How is it possible to detect the significant exponentials in the simulated data including the eight exponentials that sum to describe the distribution in Fig. 1, when it has been stated (and restated) in the literature that determining both the areas and time constants for fitting sums of exponentials can be hopeless or require an increase in the accuracy of the data to limits that are far beyond the capability of present measuring devices (6,7). Certainly, exponential sum-fitting can be ill-conditioned when the data are inadequate, with very few data points, or when data are obtained over limited time ranges or with very closely spaced exponentials or with much noise (7,8). However, for single-channel data, tens of thousands to many hundreds of thousands of open and closed intervals can be recorded over wide time ranges to reduce the stochastic variation and increase the ability to detect exponentials (19,31). For example, the eight exponentials in Table 1 were determined from analysis of 114,350 closed intervals recorded from a BK channel, where the experimentally observed dwell times spanned nine orders of magnitude in frequency of observation and six orders of magnitude in duration (19). The dwell-time distribution of the experimental data fitted with eight significant exponentials is presented in Fig. 8 A in McManus and Magleby (19). (For the experimental data, intervals with true durations <30 μS were not detected (missed events) due to filtering (28). Including the missed events in the distribution gives ∼170,000 true intervals underlying the experimental data.)
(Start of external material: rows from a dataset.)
Lemma taylor_remainder_le f (G : R) x u : twice_cont_diff f ->
  (forall y, opnorm (hessian_mx f y) <= G) ->
  `|f (x + u) - f x - dot u (grad_vec f x)| <= G / 2 * sqnorm u.
Proof.
move=> [df [dpf _]] hess_le.
pose dk s := \sum_(l < m) u l 0 * partial_deriv f l (x + s *: u).
pose ddk s := \sum_(l < m) u l 0 * dot u (grad_vec (partial_deriv f l) (x + s *: u)).
have dk_k s : is_derive s (1 : R) (fun s => f (x + s *: u)) (dk s).
  by apply: is_derive_eq; [exact: is_derive_line | rewrite derive_sum_partial].
have ddk_dk s : is_derive s (1 : R) dk (ddk s).
  have -> : dk = \sum_(l < m) (fun s => u l 0 * partial_deriv f l (x + s *: u)).
    by apply/funext => r; rewrite fct_sumE.
  apply: is_derive_sum => l.
  have -> : (fun s => u l 0 * partial_deriv f l (x + s *: u)) =
            u l 0 \*: (fun s => partial_deriv f l (x + s *: u)) by apply/funext.
  apply: is_derive_eq; first exact/is_deriveZ/is_derive_line.
  by rewrite derive_dot_grad.
have ddk_le s : 0 < s -> s < 1 -> `|ddk s| <= G * sqnorm u.
  move=> _ _; rewrite /ddk hessian_quad_form; apply: le_trans (normr_dot_le _ _) _.
  have := enorm_mulmx_le (hessian_mx f (x + s *: u)) u; have := hess_le (x + s *: u).
  have := enorm_ge0 u; have := enorm_ge0 (hessian_mx f (x + s *: u) *m u).
  rewrite -enorm_sqr; nra.
have := taylor_abs_of_derive2_abs dk_k ddk_dk ddk_le.
rewrite /dk scale1r scale0r addr0 mulrAC.
by congr (`|_ - _ - _| <= _); apply: eq_bigr => l _; rewrite mxE.
Qed.

End Gradients.

Section SmoothConvex.
Variables (R : realType) (m : nat) (L : R) (f : 'cV[R]_m -> R).
Hypotheses (f_smooth : L_smooth L f) (L_gt0 : 0 < L).
Let L_ge0 : 0 <= L := ltW L_gt0.
Implicit Types (x y z u : 'cV[R]_m).

Lemma is_derive_line_dot x u s :
  is_derive s (1 : R) (fun r : R => f (x + r *: u)) (dot u (grad_vec f (x + s *: u))).
Proof.
have df := f_smooth.1 (x + s *: u).
by rewrite -derive_dot_grad //; exact: is_derive_line.
Qed.

Lemma dot_grad_line_lipschitz x u s : 0 <= s ->
  `|dot u (grad_vec f (x + s *: u)) - dot u (grad_vec f x)| <= L * s * sqnorm u.
Proof.
move=> s0; rewrite -dotBr; apply: le_trans (normr_dot_le _ _) _.
have := f_smooth.2 (x + s *: u) x.
rewrite [x + _]addrC addrK enormZ ger0_norm // => lip.
by rewrite -enorm_sqr; have := enorm_ge0 u; nra.
Qed.

Lemma descent_le x u : f (x + u) <= f x + dot u (grad_vec f x) + L / 2 * sqnorm u.
Proof.
have := taylor_ub_of_derive_le_affine (is_derive_line_dot x u) (M := L * sqnorm u).
rewrite scale1r scale0r !addr0 mulrAC; apply => s s0 _.
have /ler_normlP[_] := dot_grad_line_lipschitz x u (ltW s0).
by rewrite -lerBlDl mulrAC.
Qed.

Lemma convex_dot_grad_le x u : convex_fn f -> dot u (grad_vec f x) <= f (x + u) - f x.
Proof.
move=> f_cvx; apply: (@le_of_le_addr_small _ _ _ (L * sqnorm u)).
  by rewrite mulr_ge0 // sqnorm_ge0.
move=> s s0 s1.
(* on [(0, s)] the slope of [f] along [u] is at least its slope at [x] minus [s L |u|^2] *)
have slope t : 0 < t -> t < s ->
    - dot u (grad_vec f (x + t *: u)) <= - dot u (grad_vec f x) + s * (L * sqnorm u).
  move=> t0 ts; have /ler_normlP[lip _] := dot_grad_line_lipschitz x u (ltW t0).
  have : 0 <= L * sqnorm u by rewrite mulr_ge0 // sqnorm_ge0.
  nra.
have := increment_le_of_derive_le s0 (fun t => is_deriveN (is_derive_line_dot x u t)) slope.
change (- f (x + s *: u) - - f (x + 0 *: u)
          <= (- dot u (grad_vec f x) + s * (L * sqnorm u)) * (s - 0) ->
        dot u (grad_vec f x) <= f (x + u) - f x + s * (L * sqnorm u)).
rewrite scale0r addr0 subr0 => segment.
have := f_cvx (x + u) x s (ltW s0) s1.
rewrite scalerDr scalerBl scale1r addrC addrA subrK => cvx.
have : s * dot u (grad_vec f x) <= s * (f (x + u) - f x + s * (L * sqnorm u)) by nra.
by rewrite ler_pM2l.
Qed.

Lemma sqnorm_grad_le x z : (forall y, f z <= f y) ->
  sqnorm (grad_vec f x) <= 2 * L * (f x - f z).
Proof.
move=> z_min.
(* compare [f z] with the value after the gradient step of length [1 / L] *)
have := descent_le x (- L^-1 *: grad_vec f x).
rewrite dotZl dotvv sqnormZ sqrrN => step.
have := z_min (x + - L^-1 *: grad_vec f x).
have := sqnorm_ge0 (grad_vec f x).
move: step; set g := sqnorm _ => step g0 zy.
rewrite (_ : L / 2 * (L^-1 ^+ 2 * g) = L^-1 / 2 * g) in step; last by field; rewrite gt_eqF.
rewrite -subr_ge0.
have -> : 2 * L * (f x - f z) - g = 2 * L * ((f x - f z) - L^-1 / 2 * g).
  by field; rewrite gt_eqF.
apply: mulr_ge0; first by rewrite mulr_ge0.
by rewrite subr_ge0; lra.
Qed.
Testing the automated fitting program for less than ideal data
To test whether the automated analysis could also find the significant exponentials for less-than-ideal data, the analysis was applied directly to experimental dwell-time distributions from BK channels, and the results were compared to those from applying our previous fitting programs to the same experimental data. This analysis is different from the one represented in Fig. 1, for which a known number of specified exponentials was used to simulate ideal data. When fitting experimental data, the number of exponentials is not known, but theoretical considerations suggest that large numbers of open and closed states (>50) may contribute to dwell-time distributions from BK channels (22–24). Application of the automated analysis to experimental data from BK channels found either the same significant exponentials as found using our previous programs or, in two cases, one additional significant exponential, suggesting that our previous programs did not always have a sufficient number of starting parameters to find all significant exponentials. There was not one case where the automated analysis found fewer significant exponentials than had our previous analysis methods. Hence, our automated analysis, without the need to specify starting parameters, was as good or better at finding the significant exponentials than our previous programs, which used >100 different sets of starting parameters based on years of fitting data from BK channels.
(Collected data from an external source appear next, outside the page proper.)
(* Let $A\in\mathbb R^{m\times n}$, $D\in\mathbb R^{r\times n}$, $a\in\mathbb R^m$, $\lambda,\mu\in\mathbb R^r$ with $\lambda,\mu>0$, and let $\Omega$ be either $\mathbb R^n_+$ or $\{x:0\le x\le\gamma\}$ for some $\gamma\in\mathbb R^n$ with $\gamma>0$. Then the primal problem $$\min_{x\in\Omega}\ \tfrac12\|Ax-a\|^2+\sum_{i=1}^r\lambda_i\mathbf 1_{\{(Dx)_i\neq0\}}$$ has a global minimizer, and the corresponding dual problem has a global minimizer, where the dual problem is $$\min_{y\in\mathbb R^m,z\in\mathbb R^r}\ \big\langle\max\{-A^\top y-D^\top z,0\},\gamma\big\rangle+\tfrac12\|y\|^2+\langle a,y\rangle+\Psi_{0,\mu}(z)$$ when $\Omega=\{x:0\le x\le\gamma\}$ (max taken componentwise), and $$\min_{y\in\mathbb R^m,z\in\mathbb R^r}\ \tfrac12\|y\|^2+\langle a,y\rangle+\Psi_{0,\mu}(z)\quad\text{s.t.}\quad A^\top y+D^\top z\ge0$$ when $\Omega=\mathbb R^n_+$.
   Context: $\Psi_{0,\mu}(z)=\sum_{i=1}^r\mu_i\mathbf 1_{\{z_i\ne0\}}$, where $\mathbf 1_{\{\cdot\}}$ is $1$ if the condition holds and $0$ otherwise. Vector inequalities are componentwise. *)

From mathcomp Require Import all_boot all_order all_algebra.
From mathcomp Require Import reals.
Set Implicit Arguments. Unset Strict Implicit. Unset Printing Implicit Defensive.
Import Order.TTheory GRing.Theory Num.Theory.
Local Open Scope ring_scope.

Section Defs.
Variable R : realType.

Definition dotv (k : nat) (u v : 'cV[R]_k) : R := \sum_(i < k) u i 0 * v i 0.
Definition sqnorm (k : nat) (u : 'cV[R]_k) : R := dotv u u.

Definition vle (k : nat) (u v : 'cV[R]_k) : Prop := forall i, u i 0 <= v i 0.
Definition vlt (k : nat) (u v : 'cV[R]_k) : Prop := forall i, u i 0 < v i 0.

Definition vpos (k : nat) (u : 'cV[R]_k) : 'cV[R]_k := \col_i Num.max (u i 0) 0.

Definition Psi0 (r : nat) (mu z : 'cV[R]_r) : R :=
  \sum_(i < r) mu i 0 * (z i 0 != 0)%:R.

Definition primal_obj (m n r : nat) (A : 'M[R]_(m, n)) (D : 'M[R]_(r, n))
  (a : 'cV[R]_m) (lambda : 'cV[R]_r) (x : 'cV[R]_n) : R :=
  2^-1 * sqnorm (A *m x - a) + Psi0 lambda (D *m x).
We also compared the results obtained by the automated fitting program to results obtained when the fitting was with programs in which fitting could be started with the parameters used to simulate the data. The significant exponentials found by the automated analysis program were essentially identical to those obtained when the fitting was started with the simulation parameters, and this was the case for smaller data sets of 1000 intervals as well as for larger ones, indicating the robustness of the fitting algorithm to find the significant exponentials.
Errors in exponential sum-fitting introduced by fitting too few dwell times
The previous sections indicated the consistent ability of the automated fitting algorithm to find the significant exponentials in simulated and experimental single-channel data. Nevertheless, there are limitations to the detection of exponentials based on the number of fitted intervals (19). We now consider the limits of detection as related to the number of fitted intervals for simulated distributions based on the eight exponentials in Table 1 that were used to simulate the data for Fig. 1. Eq. 3 is first examined to determine whether it can provide an estimate of the number of intervals needed for detection of the eight significant exponentials. Errors associated with reducing the number of intervals below the number required to detect all eight exponentials are then examined.
Log-likelihood estimates from the six simulations and fittings of 107 intervals presented in Table S1 indicated that the LLR (see Eq. 2) for nine versus eight exponentials ranged from 0.5 to 2.5. These LLR values are less than the 2.995 required for significance at P < 0.05 (see Materials and Methods), indicating that nine exponentials were not significantly better than eight in any of the six simulations. Hence, no false exponentials were detected. The LLR for eight over seven significant exponentials ranged from 195 to 258, indicating eight significant exponentials versus seven at P ≪ 0.00001 for each simulation. Hence, all eight significant exponentials were detected in each simulation of 107 intervals.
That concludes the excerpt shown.